Fundamental #4: Multiple Identities - Many users will use different identities (or personas) and flexibly switch between these
There is no 1:1 relationship between persons and their digital identities. A person might have different identities. At a higher abstraction level, a person might be an employee, a freelance contractor, and a customer of the same corporation all at the same time. One person, multiple identities. On a more concrete level, a person might switch from their Facebook account to Google+ to self-registration to a type of account we do not even know yet (trends are changing rapidly on the Internet), but it remains the same customer. Organizations have to understand that it is still the same person – otherwise they will lose the former relationship.
Fundamental #5: Multiple Authenticators - There is no single authenticator that works for all
Simply stated, username and password do not work for wearable computing. More generally, there are so many different types of identities and related elements in future Identity and Access Management, that it becomes just too obvious that there is no common denominator for authentication anymore. Username and password have served (but not well…) for this purpose for decades. Many companies tried to standardize on a specific strong authentication technology to overcome their limits. Now, we have to accept that there is no single approach we can rely on. We will have to support different authentication mechanisms, while understanding the risk and making risk-aware access decisions – see Fundamental #7.
Fundamental #6: Identity Relationships - We must map humans to things, devices, and apps
Things belong to humans or organizations. They might be part of bigger things – just think about the connected vehicle. Humans use devices with apps to access services. The apps act on their behalf. What this means is that there are complex relationships between identities. Future Identity and Access Management must understand and manage these relationships in order to make the right decisions.

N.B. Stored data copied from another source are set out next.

(* Suppose there exists an (integer) $\mathrm{H}_t(m,n;s,k)$. Let $\alpha_1,\alpha_2,\lambda_1,\lambda_2$ be positive integers with $\alpha_1\le\lambda_2$, $\alpha_2\le\lambda_1$, $\alpha_1\lambda_1=\alpha_2\lambda_2$, $\alpha_1 s\le\lambda_2 n$ and $\alpha_2 k\le\lambda_1 m$. Then there exists an (integer) ${}^{\alpha_1\lambda_1}\mathrm{H}_t(\lambda_1 m,\lambda_2 n;\alpha_1 s,\alpha_2 k)$.
   Context: For positive integers $m,n,s,k,\lambda,t$ with $t$ dividing $\frac{2nk}{\lambda}$, let $v=\frac{2nk}{\lambda}+t$ and $J$ the subgroup of $\mathbb{Z}_v$ of order $t$. A ${}^\lambda\mathrm{H}_t(m,n;s,k)$ is an $m\times n$ partially filled array with entries in $\mathbb{Z}_v$ such that: (a) each row has exactly $s$ and each column exactly $k$ filled cells; (b) the multiset $\{\pm x: x$ an entry of a filled cell$\}$ contains each element of $\mathbb{Z}_v\setminus J$ exactly $\lambda$ times and no element of $J$; (c) every row and every column sums to $0$ in $\mathbb{Z}_v$. For $\lambda=1$ it is written $\mathrm{H}_t(m,n;s,k)$. The array is integer if, representing each entry by its integer representative in $\pm\{1,\dots,\lfloor v/2\rfloor\}$, every row and every column sums to $0$ in $\mathbb{Z}$. *)

From mathcomp Require Import all_boot all_algebra.
Set Implicit Arguments. Unset Strict Implicit. Unset Printing Implicit Defensive.

Definition hv (n k lam t : nat) : nat := (2 * n * k) %/ lam + t.

(* an m x n partially filled array with entries in Z_v (represented by 'I_v);
   None = empty cell *)
Definition parray (m n v : nat) := 'I_m -> 'I_n -> option 'I_v.

Section Heffter.
Variables (m n v : nat).
Implicit Types (A : parray m n v).

Definition filled A i j : bool := A i j != None.

Definition val0 (o : option 'I_v) : nat := if o is Some x then val x else 0.

(* number of times y occurs in the multiset {±x : x an entry of a filled cell},
   negation taken mod v *)
Definition pm_count A (y : 'I_v) : nat :=
  \sum_(c : 'I_m * 'I_n)
    (if A c.1 c.2 is Some x then
       ((val x == val y) : nat) + (((v - val x) %% v == val y) : nat)
     else 0).

(* J = subgroup of Z_v of order t = multiples of v/t *)
Definition inJ (t : nat) (y : 'I_v) : bool := (v %/ t) %| val y.

Definition row_sum A (i : 'I_m) : nat := \sum_(j < n) val0 (A i j).
Definition col_sum A (j : 'I_n) : nat := \sum_(i < m) val0 (A i j).

Definition heffter_conds (s k lam t : nat) A : Prop :=
  [/\ (forall i, #|[pred j | filled A i j]| = s),
      (forall j, #|[pred i | filled A i j]| = k),
      (forall y : 'I_v, pm_count A y = if inJ t y then 0 else lam),
      (forall i, row_sum A i %% v = 0) &
      (forall j, col_sum A j %% v = 0)].

(* integer: representatives in ±{1,...,floor(v/2)} (for x = v/2 either
   sign may be chosen) whose rows and columns sum to 0 in Z *)
Definition is_integer A : Prop :=
  exists f : 'I_m -> 'I_n -> int,
    [/\ (forall i j, match A i j with
                     | Some x => (f i j == Posz (val x)) || (f i j == (Posz (val x) - Posz v)%R)
                     | None => f i j == 0
                     end),
        (forall i j, filled A i j -> (1 <= absz (f i j) <= v./2)%N),
        (forall i, \sum_(j < n) f i j = 0)%R &
        (forall j, \sum_(i < m) f i j = 0)%R].
End Heffter.

Definition heffter (m n s k lam t : nat) (A : parray m n (hv n k lam t)) : Prop :=
  [/\ [&& 0 < m, 0 < n, 0 < s, 0 < k, 0 < lam & 0 < t]%N,
      lam %| 2 * n * k,
      t %| (2 * n * k) %/ lam &
      heffter_conds s k lam t A].
Arguments heffter m n s k lam t A : clear implicits.

From mathcomp Require Import all_boot all_algebra zify.
Set Implicit Arguments. Unset Strict Implicit. Unset Printing Implicit Defensive.

(* Given a Heffter array A = H_t(m,n;s,k), we build the
   (l1*m) x (l2*n) array B made of l1 x l2 blocks of size m x n, where block
   (b,c) is a copy of A when it is "selected" and is empty otherwise.  Block
   (b,c) is selected when c - b*a1 (mod l2) lies in [0, a1): every block row
   then contains a1 selected blocks (a cyclic window of length a1) and, since
   a1*l1 = a2*l2, the windows of the l1 block rows cover every block column
   exactly a2 times.  Consequently every row of B has a1*s filled cells, every
   column a2*k, rows and columns still sum to 0 (they are sums of copies of
   rows/columns of A), and every element of Z_v \ J appears a1*l1 times in the
   multiset of ±entries, one for each of the a1*l1 selected copies of A.
   Finally v does not change: 2(l2 n)(a2 k)/(a1 l1) = 2nk because
   a1 l1 = a2 l2, and the integer lift of A copied blockwise is an integer lift
   of B.  The file establishes the modular counting facts, then the block
   decomposition of ordinals, then the construction and its properties. *)

Lemma sub_mod_eq (X r c l : nat) : r < l -> c < l ->
  ((c + (l - X %% l)) %% l == r) = ((X + r) %% l == c).
Proof.
move=> lt_rl lt_cl; have l_gt0 : 0 < l by lia.
have := ltn_pmod X l_gt0 => lt_Xl.
apply/eqP/eqP => <-.
- rewrite modnDmr -modnDml.
  have -> : X %% l + (c + (l - X %% l)) = c + l by lia.
  by rewrite modnDr modn_small.
- rewrite modnDml.
  have -> : X + r + (l - X %% l) = X %/ l * l + (r + l) by have := divn_eq X l; lia.
  by rewrite modnMDl modnDr modn_small.
Qed.

Lemma card_pred_sum (T : finType) (P : pred T) :
  #|[pred x | P x]| = \sum_x (P x : nat).
Proof.
by rewrite -sum1_card big_mkcond /=; apply: eq_bigr => x _; rewrite inE; case: (P x).
Qed.

Lemma sum_ord_eq (N x : nat) : \sum_(r < N) ((x == r) : nat) = (x < N).
Proof.
case: (ltnP x N) => [lt_xN | le_Nx].
- rewrite (bigD1 (Ordinal lt_xN)) //= eqxx big1 ?addn0 // => i neq_i.
  by case: eqP => // x_i; case/eqP: neq_i; apply: val_inj.
- by rewrite big1 // => i _; rewrite (gtn_eqF (leq_trans (ltn_ord i) le_Nx)).
Qed.

Section Blocks.
Variables (l m : nat).

Lemma block_idx_lt (b : 'I_l) (r : 'I_m) : b * m + r < l * m.
Proof. have := ltn_ord b; have := ltn_ord r; nia. Qed.

Definition block_idx (b : 'I_l) (r : 'I_m) : 'I_(l * m) :=
  Ordinal (block_idx_lt b r).

Hypothesis m_gt0 : 0 < m.

Lemma block_of_lt (i : 'I_(l * m)) : i %/ m < l.
Proof. by rewrite ltn_divLR // ltn_ord. Qed.

Definition block_of (i : 'I_(l * m)) : 'I_l := Ordinal (block_of_lt i).
Definition offset_of (i : 'I_(l * m)) : 'I_m := Ordinal (ltn_pmod i m_gt0).

Lemma block_of_idx b r : block_of (block_idx b r) = b.
Proof. by apply: val_inj => /=; rewrite divnMDl // divn_small // addn0. Qed.

Lemma offset_of_idx b r : offset_of (block_idx b r) = r.
Proof. by apply: val_inj => /=; rewrite modnMDl modn_small. Qed.

Lemma block_idxK i : block_idx (block_of i) (offset_of i) = i.
Proof. by apply: val_inj => /=; rewrite -divn_eq. Qed.

Lemma big_blocks (R : Type) (idx : R) (op : Monoid.com_law idx)
    (F : 'I_(l * m) -> R) :
  \big[op/idx]_(i < l * m) F i =
  \big[op/idx]_(b < l) \big[op/idx]_(r < m) F (block_idx b r).
Proof.
rewrite pair_big /= (reindex (fun p : 'I_l * 'I_m => block_idx p.1 p.2)) //.
apply: onW_bij; exists (fun i => (block_of i, offset_of i)) => [[b r] | i] /=.
  by rewrite block_of_idx offset_of_idx.
exact: block_idxK.
Qed.
End Blocks.

(* Block (b,c) of an l1 x l blocks grid is selected iff c - b*a (mod l) < a. *)
Definition selected (l a b c : nat) : bool := (c + (l - (b * a) %% l)) %% l < a.

Lemma selected_row (l a b : nat) : 0 < l -> a <= l ->
  \sum_(c < l) (selected l a b c : nat) = a.
Proof.
move=> l_gt0 le_al.
under eq_bigr do rewrite /selected -sum_ord_eq.
rewrite exchange_big /= -[RHS]card_ord -sum1_card; apply: eq_bigr => r _.
under eq_bigr => c _ do rewrite sub_mod_eq ?(leq_trans (ltn_ord r) le_al) //.
by rewrite sum_ord_eq ltn_pmod.
Qed.

(* Each block column contains exactly a2 selected blocks: the windows
   b*a1 + [0, a1) for b < l1 tile [0, l1*a1) = [0, a2*l) which hits every
   residue mod l exactly a2 times. *)
Lemma selected_col (l1 l a1 a2 c : nat) : 0 < l -> 0 < a1 -> a1 <= l ->
  a1 * l1 = a2 * l -> c < l ->
  \sum_(b < l1) (selected l a1 b c : nat) = a2.
Proof.
move=> l_gt0 a1_gt0 le_a1l tile lt_cl.
under eq_bigr do rewrite /selected -sum_ord_eq.
transitivity (\sum_(x < l1 * a1) ((x %% l == c) : nat)).
  rewrite (big_blocks a1_gt0); apply: eq_bigr => b _; apply: eq_bigr => r _.
  by rewrite sub_mod_eq ?(leq_trans (ltn_ord r) le_a1l).
rewrite mulnC tile (big_blocks l_gt0) -[RHS]card_ord -sum1_card.
apply: eq_bigr => q _.
under eq_bigr => r _ do rewrite /= modnMDl modn_small // eq_sym.
by rewrite sum_ord_eq lt_cl.
Qed.

Section Inflation.
Variables (v m n a1 l1 l2 : nat) (m_gt0 : 0 < m) (n_gt0 : 0 < n).
Variable A : parray m n v.

Definition inflate : parray (l1 * m) (l2 * n) v := fun i j =>
  if selected l2 a1 (block_of m_gt0 i) (block_of n_gt0 j)
  then A (offset_of m_gt0 i) (offset_of n_gt0 j) else None.

Variable G : option 'I_v -> nat.
Hypothesis G_None : G None = 0.

Lemma inflate_row i :
  \sum_(j < l2 * n) G (inflate i j) =
  (\sum_(c < l2) (selected l2 a1 (block_of m_gt0 i) c : nat)) *
    \sum_(q < n) G (A (offset_of m_gt0 i) q).
Proof.
rewrite (big_blocks n_gt0) big_distrl /=; apply: eq_bigr => c _.
under eq_bigr => q _ do rewrite /inflate block_of_idx offset_of_idx.
by case: selected; rewrite ?mul1n // mul0n big1.
Qed.

Lemma inflate_col j :
  \sum_(i < l1 * m) G (inflate i j) =
  (\sum_(b < l1) (selected l2 a1 b (block_of n_gt0 j) : nat)) *
    \sum_(r < m) G (A r (offset_of n_gt0 j)).
Proof.
rewrite (big_blocks m_gt0) big_distrl /=; apply: eq_bigr => b _.
under eq_bigr => r _ do rewrite /inflate block_of_idx offset_of_idx.
by case: selected; rewrite ?mul1n // mul0n big1.
Qed.

Lemma inflate_total :
  \sum_(i < l1 * m) \sum_(j < l2 * n) G (inflate i j) =
  (\sum_(b < l1) \sum_(c < l2) (selected l2 a1 b c : nat)) *
    \sum_(r < m) \sum_(q < n) G (A r q).
Proof.
rewrite (big_blocks m_gt0) big_distrl /=; apply: eq_bigr => b _.
rewrite big_distrr /=; apply: eq_bigr => r _.
by rewrite inflate_row block_of_idx offset_of_idx.
Qed.
End Inflation.
Arguments inflate : clear implicits.
Arguments inflate_row {v m n a1 l1 l2 m_gt0 n_gt0 A} G G_None i.
Arguments inflate_col {v m n a1 l1 l2 m_gt0 n_gt0 A} G G_None j.
Arguments inflate_total {v m n a1 l1 l2 m_gt0 n_gt0 A} G G_None.

Definition pm_weight (v : nat) (y : 'I_v) (o : option 'I_v) : nat :=
  if o is Some x then ((val x == val y) : nat) + (((v - val x) %% v == val y) : nat)
  else 0.

Lemma pm_count_sum (M N v : nat) (X : parray M N v) (y : 'I_v) :
  pm_count X y = \sum_(i < M) \sum_(j < N) pm_weight y (X i j).
Proof. by rewrite pair_bigA. Qed.

Lemma inflate_heffter_conds (v m n s k t a1 a2 l1 l2 : nat)
    (m_gt0 : 0 < m) (n_gt0 : 0 < n) (A : parray m n v) :
  0 < a1 -> 0 < l2 -> a1 <= l2 -> a1 * l1 = a2 * l2 ->
  heffter_conds s k 1 t A ->
  heffter_conds (a1 * s) (a2 * k) (a1 * l1) t (inflate v m n a1 l1 l2 m_gt0 n_gt0 A).
Proof.
move=> a1_gt0 l2_gt0 le_a1l2 tile [rowsA colsA pmA rsumA csumA].
have filled_count (M N : nat) (X : parray M N v) i j :
  (filled X i j : nat) = (X i j != None) by [].
split.
- move=> i; rewrite card_pred_sum.
  under eq_bigr do rewrite filled_count.
  rewrite (inflate_row (fun o => (o != None : nat))) //.
  by rewrite selected_row // -(rowsA (offset_of m_gt0 i)) card_pred_sum.
- move=> j; rewrite card_pred_sum.
  under eq_bigr do rewrite filled_count.
  rewrite (inflate_col (fun o => (o != None : nat))) //.
  rewrite (selected_col l2_gt0 a1_gt0 le_a1l2 tile) ?ltn_ord //.
  by rewrite -(colsA (offset_of n_gt0 j)) card_pred_sum.
- move=> y; rewrite pm_count_sum (inflate_total (pm_weight y)) // -pm_count_sum pmA.
  under eq_bigr => b _ do rewrite selected_row //.
  rewrite sum_nat_const card_ord /=.
  by case: inJ; rewrite ?muln0 // muln1 mulnC.
- move=> i; rewrite /row_sum (inflate_row (@val0 v)) //.
  by apply/eqP; rewrite -/(dvdn _ _) dvdn_mull //; apply/eqP/rsumA.
- move=> j; rewrite /col_sum (inflate_col (@val0 v)) //.
  by apply/eqP; rewrite -/(dvdn _ _) dvdn_mull //; apply/eqP/csumA.
Qed.

(* Copying an integer lift of A blockwise gives an integer lift of B:
   each row/column of the lift is a sum of zero-sum rows/columns. *)
Lemma inflate_integer (v m n a1 l1 l2 : nat) (m_gt0 : 0 < m) (n_gt0 : 0 < n)
    (A : parray m n v) :
  is_integer A -> is_integer (inflate v m n a1 l1 l2 m_gt0 n_gt0 A).
Proof.
case=> f [f_rep f_range f_rows f_cols].
exists (fun i j => if selected l2 a1 (block_of m_gt0 i) (block_of n_gt0 j)
                   then f (offset_of m_gt0 i) (offset_of n_gt0 j) else 0%R).
split.
- by move=> i j; rewrite /inflate; case: selected => //; apply: f_rep.
- by move=> i j; rewrite /filled /inflate; case: selected => //; apply: f_range.
- move=> i; rewrite (big_blocks n_gt0) big1 // => c _.
  under eq_bigr => q _ do rewrite block_of_idx offset_of_idx.
  by case: selected; [apply: f_rows | rewrite big1].
- move=> j; rewrite (big_blocks m_gt0) big1 // => b _.
  under eq_bigr => r _ do rewrite block_of_idx offset_of_idx.
  by case: selected; [apply: f_cols | rewrite big1].
Qed.

Lemma heffter_of_conds (M N S K lam t v : nat) (X : parray M N v) :
  v = hv N K lam t ->
  [&& 0 < M, 0 < N, 0 < S, 0 < K, 0 < lam & 0 < t] ->
  lam %| 2 * N * K -> t %| (2 * N * K) %/ lam ->
  heffter_conds S K lam t X ->
  exists2 Y : parray M N (hv N K lam t),
    heffter M N S K lam t Y & (is_integer X -> is_integer Y).
Proof. by move=> def_v; subst v => pos dvd_lam dvd_t conds; exists X. Qed.

Theorem proposition4 (m n s k t a1 a2 l1 l2 : nat) :
  (0 < a1)%N -> (0 < a2)%N -> (0 < l1)%N -> (0 < l2)%N ->
  (a1 <= l2)%N -> (a2 <= l1)%N -> a1 * l1 = a2 * l2 ->
  (a1 * s <= l2 * n)%N -> (a2 * k <= l1 * m)%N ->
  ((exists A : parray m n (hv n k 1 t), heffter m n s k 1 t A) ->
     exists B : parray (l1 * m) (l2 * n) (hv (l2 * n) (a2 * k) (a1 * l1) t),
       heffter (l1 * m) (l2 * n) (a1 * s) (a2 * k) (a1 * l1) t B)
  /\
  ((exists A : parray m n (hv n k 1 t), heffter m n s k 1 t A /\ is_integer A) ->
     exists B : parray (l1 * m) (l2 * n) (hv (l2 * n) (a2 * k) (a1 * l1) t),
       heffter (l1 * m) (l2 * n) (a1 * s) (a2 * k) (a1 * l1) t B /\ is_integer B).
Proof.
(* The bounds a2 <= l1, a1 s <= l2 n and a2 k <= l1 m follow from the other
   hypotheses (s <= n and k <= m hold in any Heffter array) and are unused. *)
move=> a1_gt0 a2_gt0 l1_gt0 l2_gt0 le_a1l2 _ tile _ _.
have double_count : 2 * (l2 * n) * (a2 * k) = 2 * n * k * (a1 * l1).
  by rewrite tile; nia.
have lam_gt0 : 0 < a1 * l1 by rewrite muln_gt0 a1_gt0.
have same_v : hv n k 1 t = hv (l2 * n) (a2 * k) (a1 * l1) t.
  by rewrite /hv divn1 double_count mulnK.
have inflate_ok (A : parray m n (hv n k 1 t)) : heffter m n s k 1 t A ->
    exists2 B : parray (l1 * m) (l2 * n) (hv (l2 * n) (a2 * k) (a1 * l1) t),
      heffter (l1 * m) (l2 * n) (a1 * s) (a2 * k) (a1 * l1) t B &
      (is_integer A -> is_integer B).
  case=> pos _ dvd_t conds; have /andP[m_gt0 /and5P[n_gt0 s_gt0 k_gt0 _ t_gt0]] := pos.
  have pos' : [&& 0 < l1 * m, 0 < l2 * n, 0 < a1 * s, 0 < a2 * k, 0 < a1 * l1 & 0 < t].
    by rewrite !muln_gt0 m_gt0 n_gt0 s_gt0 k_gt0 a1_gt0 a2_gt0 l1_gt0 l2_gt0 t_gt0.
  have dvd_lam' : a1 * l1 %| 2 * (l2 * n) * (a2 * k) by rewrite double_count dvdn_mull.
  have dvd_t' : t %| 2 * (l2 * n) * (a2 * k) %/ (a1 * l1).
    by rewrite double_count mulnK // -(divn1 (2 * n * k)).
  have [B HB int_B] := heffter_of_conds same_v pos' dvd_lam' dvd_t'
    (inflate_heffter_conds m_gt0 n_gt0 a1_gt0 l2_gt0 le_a1l2 tile conds).
  by exists B => // /inflate_integer/int_B.
by split=> [[A /inflate_ok[B HB _]] | [A [/inflate_ok[B HB int_B] /int_B]]];
  exists B.
Qed.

Fundamental #7: Context - Identity and Access Risk varies in context
A key concept of Future Identity and Access Management is context. Which device is someone using? Which type of authentication? Where is the device used? There are many elements that make up the context. Depending on that context, risk varies. Identity and Access Management has to become risk-based and, with the ever-changing context, dynamic. While today’s static access controls implicitly reflect a risk understanding in a static context, future access controls and decisions must become dynamic to adapt to the current context.
These Fundamentals help defining the scope, strategy, and roadmap for future Identity and Access Management.